> [TASK]: Output, without any change, the listing below from its opening line up to and including the line with "move=> choices i;".

> [DATA]:

Lemma greedy_padded (S A0 : pred nat) :
  all (fun i => S (nth 0%N l i) &&
         all (fun c => S c ==> (dcore_to c (chosen A0 l i)
                                <= dcore_to (nth 0%N l i) (chosen A0 l i))%N)
             (iota 0 8)) (iota 0 k) ->
  greedy dex (padded S) (padded A0) (pts k l).
Proof.
move=> choices i; have /andP [Sli farthest] := all_iota_ord choices i.
rewrite prefix_padded tnth_pts /pt; split; first by rewrite inE /= inordK ?nth_core.
case=> [c|j]; rewrite inE /= => Sc; last first.
  by rewrite dist_pad_padded dist_core_padded /= ler0n.
rewrite !dist_core_padded /= ler_nat inordK ?nth_core //.
by have /implyP := all_iota_ord farthest c; apply.
Qed.

Lemma closest_padded (S A0 : pred nat) :
  all (fun c => S c ==> match an c with
                        | Some i => all (fun c' => (A0 c' || (c' \in l)) ==>
                                           (dcore c (nth 0%N l i) <= dcore c c')%N)
                                        (iota 0 8)
                        | None => A0 c end) (iota 0 8) ->
  all (fun i => an (nth 0%N l i) == Some i) (iota 0 k) ->
  closest_assign dex (padded S) (padded A0) (pts k l) a.
Proof.
move=> closest own; split=> [[c|j]|i]; rewrite ?inE /=; first last.
- have := a_core (inord (nth 0%N l i)).
  rewrite tnth_pts /pt inordK ?nth_core // (eqP (all_iota_ord own i)).
  by case: (a _) => [j|] //= [ij]; congr Some; exact: val_inj.
- rewrite a_pad => _; exists (inr j); first by rewrite inE.
  by move=> c' _; rewrite /dex /= eqxx ler0n.
move=> Sc; have := all_iota_ord closest c; rewrite Sc implyTb -a_core.
case: (a (inl c)) => [i|] => [nearest|A0c]; last first.
  exists (inl c); first by rewrite inE.
  by move=> c' _; rewrite /dex /= dcore_self ler0n.
move=> [b|j]; rewrite centers_padded inE /dex ler_nat tnth_pts /pt /=; last first.
  by move=> _; exact: dcore_le100.
by rewrite inordK ?nth_core // => A0b; have /implyP := all_iota_ord nearest b; apply.
Qed.

Lemma ktilde_pts (j : 'I_M) : ktilde g (pts k l) j = count (fun n => gcore n == val j) l.
Proof.
rewrite /ktilde -(card_nth_count _ l_size); apply: eq_card => i.
by rewrite !inE tnth_pts /pt -val_eqE g_core inordK ?nth_core.
Qed.

Lemma mem_cluster_padded (S : pred nat) (t : 'I_k) (x : T) :
  x \in cluster (padded S) a t =
  if x is inl c then S c && (an c == Some (val t)) else false.
Proof.
rewrite !inE; case: x => [c|j] /=; last by rewrite a_pad.
by congr andb; rewrite -a_core; case: (a (inl c)).
Qed.

Definition edge_nat (S : pred nat) (u w : nat) : bool :=
  has (fun t => (gcore (nth 0%N l t) == u) &&
         has (fun c => S c && (an c == Some t) && (gcore c == w)) (iota 0 8))
      (iota 0 k).

Lemma edge_pts (S : pred nat) (j1 j2 : 'I_M) :
  edge (padded S) g a (pts k l) j1 j2 = edge_nat S (val j1) (val j2).
Proof.
rewrite /edge_nat; apply/existsP/hasP.
  move=> [t /andP [gt /existsP [y /andP [yt gy]]]].
  exists (val t); first by rewrite mem_iota /= ltn_ord.
  move: gt; rewrite tnth_pts /pt -val_eqE g_core inordK ?nth_core // => ->.
  move: yt; rewrite mem_cluster_padded; case: y gy => [c|] // gc /andP [Sc act].
  apply/hasP; exists (val c); first by rewrite mem_iota /= ltn_ord.
  by rewrite Sc act -g_core (eqP gc) eqxx.
move=> [t]; rewrite mem_iota leq0n add0n => tl /andP [gt /hasP [c]].
rewrite mem_iota leq0n add0n => c_lt8 /andP [/andP [Sc act] gc].
exists (Ordinal tl); apply/andP; split.
  by rewrite tnth_pts /pt -val_eqE g_core inordK ?(nth_core (Ordinal tl)).
apply/existsP; exists (inl (inord c)); apply/andP; split.
  by rewrite mem_cluster_padded inordK // Sc act.
by rewrite -val_eqE g_core inordK.
Qed.

Variables (G : {set 'I_M}) (Gn : pred nat).
Hypothesis G_nat : forall j, (j \in G) = Gn (val j).

Lemma Cprime_pts : Cprime g (pts k l) G = core (fun n => (n \in l) && ~~ Gn (gcore n)).
Proof.
apply/setP => x; rewrite !inE; apply/imsetP/idP.
  move=> [i]; rewrite inE tnth_pts /pt G_nat g_core inordK ?nth_core // => Gi ->.
  by rewrite /= inordK ?nth_core // mem_nth ?l_size // Gi.
case: x => [c|] //= /andP [/(nthP 0%N) [i il lic] Gc].
have ik : (i < k)%N by rewrite -l_size.
exists (Ordinal ik); first by rewrite inE G_nat tnth_pts /pt g_core /= lic inordK.
by rewrite tnth_pts /pt /= lic; congr inl; apply: val_inj; rewrite /= inordK.
Qed.

Lemma Sprime_pts (S : pred nat) :
  Sprime (padded S) g a (pts k l) G =
  core (fun c => S c && if an c is Some t then (t < k)%N && Gn (gcore (nth 0%N l t))
                        else false).
Proof.
apply/setP => x; rewrite [RHS]inE; apply/bigcupP/idP.
  move=> [i]; rewrite G_nat tnth_pts /pt g_core inordK ?nth_core // => Gi.
  rewrite mem_cluster_padded; case: x => [c|] //= /andP [Sc /eqP ->].
  by rewrite Sc ltn_ord Gi.
case: x => [c|] //= /andP [Sc]; case ac: (an c) => [t|] // /andP [tl Gt].
exists (Ordinal tl).
  by rewrite G_nat tnth_pts /pt g_core inordK ?(nth_core (Ordinal tl)).
by rewrite mem_cluster_padded Sc ac /= eqxx.
Qed.

End ListedCenters.

Definition assign (k : nat) (an : nat -> option nat) (x : T) : option 'I_k.+1 :=
  if x is inl c then omap inord (an c) else None.

Lemma assign_core k an :
  all (fun n => if an n is Some t then (t <= k)%N else true) (iota 0 8) ->
  forall c : 'I_8, omap val (assign k an (inl c)) = an c.
Proof.
move=> an_le c; have := all_iota_ord an_le c.
by rewrite /assign; case: (an c) => //= t t_le; rewrite inordK.
Qed.

Lemma assign_pad k an j : assign k an (inr j) = None.
Proof. by []. Qed.

Definition grp_of (gc : nat -> nat) (gc_lt3 : forall n, (gc n < 3)%N)
    (pad : 'I_M -> 'I_M) (x : T) : 'I_M :=
  match x with
  | inl c => Ordinal (leq_trans (gc_lt3 c) (isT : (3 <= M)%N))
  | inr j => pad j
  end.

Definition gcore1 (n : nat) : nat := nth 0%N [:: 1; 2; 2; 2; 0; 1; 0; 1]%N n.

Lemma gcore1_lt3 n : (gcore1 n < 3)%N.
Proof. by rewrite /gcore1; case: n => [|[|[|[|[|[|[|[|n]]]]]]]] //=; rewrite nth_nil. Qed.

Definition grp1 : T -> 'I_M := grp_of gcore1_lt3 id.

Definition kreq (j : 'I_M) : nat := nth 0%N [:: 1; 1; 3]%N (val j).

Definition g0 : 'I_M := @Ordinal M 0 isT.
Definition g1 : 'I_M := @Ordinal M 1 isT.
Definition g2 : 'I_M := @Ordinal M 2 isT.

Lemma ksum_all : ksum kreq [set: 'I_M] = 5%N.
Proof.
rewrite /ksum (eq_bigl predT) => [|j]; last by rewrite inE.
by rewrite !big_ord_recl big1 // => i _; rewrite /kreq /= nth_nil.
Qed.

(* Top-level call: GREEDY picks 0, 7, 6, 5, 4 (the first pick breaks a tie), and the
   clusters are {0, 1, 2, 3}, {7}, {6}, {5}, {4}. *)
Definition l1 : seq nat := [:: 0; 7; 6; 5; 4]%N.
Definition an1 (n : nat) : option nat :=
  nth None [:: Some 0; Some 0; Some 0; Some 0; Some 4; Some 3; Some 2; Some 1]%N n.
Definition a1 : T -> option 'I_5 := assign 4 an1.

Lemma a1_core (c : 'I_8) : omap val (a1 (inl c)) = an1 c.
Proof. exact: assign_core. Qed.

Lemma greedy1 : greedy dex (padded predT) (padded pred0) (pts 5 l1).
Proof. exact: greedy_padded. Qed.

Lemma closest1 : closest_assign dex (padded predT) (padded pred0) (pts 5 l1) a1.
Proof. exact: (closest_padded (l := l1) erefl erefl a1_core). Qed.

Lemma grp1_core (c : 'I_8) : val (grp1 (inl c)) = gcore1 c.
Proof. by []. Qed.

Lemma ktilde1 l (j : 'I_M) : size l = 5%N -> all (fun n => n < 8)%N l ->
  ktilde grp1 (pts 5 l) j = count (fun n => gcore1 n == val j) l.
Proof. by move=> l_size l_core; rewrite (ktilde_pts l_size l_core grp1_core). Qed.

(* EXCHANGE on the top-level call: group 1 has a surplus and group 2 a deficit; the
   cluster of centre 0 (group 1) contains point 3 (group 2), so 0 is replaced by 3. *)
Definition l1' : seq nat := [:: 3; 7; 6; 5; 4]%N.

(* Afterwards groups 0 and 1 still have a surplus, but no cluster of a centre in
   groups 0, 1 meets group 2: the groups below 2 are closed in the graph G. *)
Lemma edge1_closed (x y : 'I_M) :
  (val x < 2)%N -> edge (padded predT) grp1 a1 (pts 5 l1') x y -> (val y < 2)%N.
Proof.
rewrite (edge_pts (l := l1') erefl erefl grp1_core a1_core) //.
by case: (val x) => [|[|u]] //; case: (val y) => [|[|[|w]]] //; vm_compute.
Qed.

Lemma reach1_closed (x y : 'I_M) :
  (val x < 2)%N -> connect (edge (padded predT) grp1 a1 (pts 5 l1')) x y ->
  (val y < 2)%N.
Proof.
exact: (connect_forward_closed (P := fun j : 'I_M => val j < 2)%N edge1_closed).
Qed.

Lemma surplus1 (r : 'I_M) : (kreq r < ktilde grp1 (pts 5 l1') r)%N -> (val r < 2)%N.
Proof. by rewrite ktilde1 // /kreq; case: (val r) => [|[|[|v]]] //; vm_compute. Qed.

Lemma exchange1_stuck :
  ~ exchange_possible (padded predT) grp1 [set: 'I_M] kreq a1 (pts 5 l1').
Proof.
move=> [r [s [_ _ /surplus1 r_lt2 deficit_s /(reach1_closed r_lt2)]]].
by move: deficit_s; rewrite ktilde1 // /kreq; case: (val s) => [|[|v]] //; vm_compute.
Qed.

Lemma exchange1 :
  exchange (padded predT) grp1 [set: 'I_M] kreq a1 (pts 5 l1) (pts 5 l1').
Proof.
apply: (@ex_step _ _ _ _ _ _ _ _ _ (pts 5 l1') _ g1 g2 [:: g2]); rewrite ?inE ?ktilde1 //.
- split=> [|//|[|h t] //= _ /(congr1 val) //].
  by rewrite /= andbT (edge_pts (l := l1) erefl erefl grp1_core a1_core).
- apply: chain_cons; last exact: chain_one.
  exists ord0, (pt 3); split.
  + by apply: val_inj; rewrite tnth_pts /pt /= inordK.
  + by rewrite (mem_cluster_padded a1_core (assign_pad _ _)) /pt /= inordK.
  + by apply: val_inj; rewrite /pt /= inordK.
  + by move=> i; rewrite !tnth_pts -val_eqE; case: i => -[|[|[|[|[|i]]]]].
- exact: ex_stop exchange1_stuck.
Qed.

(* EXCHANGE returns the groups {0, 1}: they have a surplus and reach only each other. *)
Definition G01 : {set 'I_M} := [set g0; g1].

Lemma in_G01 (j : 'I_M) : (j \in G01) = (val j < 2)%N.
Proof. by rewrite !inE -!val_eqE; case: j => [[|[|v]] ?]. Qed.

Lemma exG1 : exG (padded predT) grp1 [set: 'I_M] kreq a1 (pts 5 l1') = G01.
Proof.
rewrite /exG ifF; last by apply/negbTE/forallP => /(_ g2); rewrite inE ktilde1.
apply/setP => j; rewrite in_G01 !inE; apply/existsP/idP.
  by move=> [i /and3P [_ /surplus1 i_lt2 /(reach1_closed i_lt2)]].
move=> j_lt2; exists j; rewrite inE connect0 andbT.
by move: j_lt2; rewrite ktilde1 // /kreq; case: (val j) => [|[|v]].
Qed.

(* The recursive call runs on S' u C' u C0 = {7, 6, 5, 4, 3} plus padding, with
   initial centres C' u C0 = {3} plus padding, and point 3 moved to group 0. *)
Definition S2 : pred nat := fun n => n \in [:: 7; 6; 5; 4; 3]%N.
Definition A2 : pred nat := pred1 3%N.

Lemma Cprime1 : Cprime grp1 (pts 5 l1') G01 = core A2.
Proof.
rewrite (Cprime_pts (l := l1') erefl erefl grp1_core (Gn := fun v => v < 2)%N in_G01).
by apply/setP => -[c|j]; rewrite !inE //=; case: c => -[|[|[|[|[|[|[|[|c]]]]]]]].
Qed.

Lemma initial2 : Cprime grp1 (pts 5 l1') G01 :|: padded pred0 = padded A2.
Proof. by rewrite Cprime1; apply/setP => -[c|j]; rewrite !inE /= ?orbF. Qed.

Lemma points2 :
  Sprime (padded predT) grp1 a1 (pts 5 l1') G01 :|: Cprime grp1 (pts 5 l1') G01
    :|: padded pred0 = padded S2.
Proof.
rewrite -setUA initial2.
rewrite (Sprime_pts (l := l1') erefl erefl grp1_core a1_core (assign_pad _ _)
           (Gn := fun v => v < 2)%N in_G01).
by apply/setP => -[c|j]; rewrite !inE //=; case: c => -[|[|[|[|[|[|[|[|c]]]]]]]].
Qed.

Definition gcore2 (n : nat) : nat := if n == 3%N then 0%N else gcore1 n.

Lemma gcore2_lt3 n : (gcore2 n < 3)%N.
Proof. by rewrite /gcore2; case: (n == 3%N) => //; exact: gcore1_lt3. Qed.

Definition grp2 : T -> 'I_M := grp_of gcore2_lt3 (fun=> g0).

Lemma grp2_core (c : 'I_8) : val (grp2 (inl c)) = gcore2 c.
Proof. by []. Qed.

Lemma ktilde2 l (j : 'I_M) : size l = 2%N -> all (fun n => n < 8)%N l ->
  ktilde grp2 (pts 2 l) j = count (fun n => gcore2 n == val j) l.
Proof. by move=> l_size l_core; rewrite (ktilde_pts l_size l_core grp2_core). Qed.

(* In the recursive call GREEDY picks 6 then 4 (both after ties), with clusters
   {7, 6, 5} and {4}; both centres lie in group 0. *)
Definition l2 : seq nat := [:: 6; 4]%N.
Definition an2 (n : nat) : option nat :=
  nth None [:: None; None; None; None; Some 1; Some 0; Some 0; Some 0]%N n.
Definition a2 : T -> option 'I_2 := assign 1 an2.

Lemma a2_core (c : 'I_8) : omap val (a2 (inl c)) = an2 c.
Proof. exact: assign_core. Qed.

Lemma greedy2 : greedy dex (padded S2) (padded A2) (pts 2 l2).
Proof. exact: greedy_padded. Qed.

Lemma closest2 : closest_assign dex (padded S2) (padded A2) (pts 2 l2) a2.
Proof. exact: (closest_padded (l := l2) erefl erefl a2_core). Qed.

(* EXCHANGE replaces 6 by 5 (group 1), after which both groups are balanced. *)
Definition l2' : seq nat := [:: 5; 4]%N.

Lemma exchange2_balanced j : j \in G01 -> ktilde grp2 (pts 2 l2') j = kreq j.
Proof. by rewrite in_G01 ktilde2 // /kreq; case: (val j) => [|[|v]]. Qed.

> [EXERCISE SOLUTION]:
Lemma greedy_padded (S A0 : pred nat) :
  all (fun i => S (nth 0%N l i) &&
         all (fun c => S c ==> (dcore_to c (chosen A0 l i)
                                <= dcore_to (nth 0%N l i) (chosen A0 l i))%N)
             (iota 0 8)) (iota 0 k) ->
  greedy dex (padded S) (padded A0) (pts k l).
Proof.
move=> choices i; have /andP [Sli farthest] := all_iota_ord choices i.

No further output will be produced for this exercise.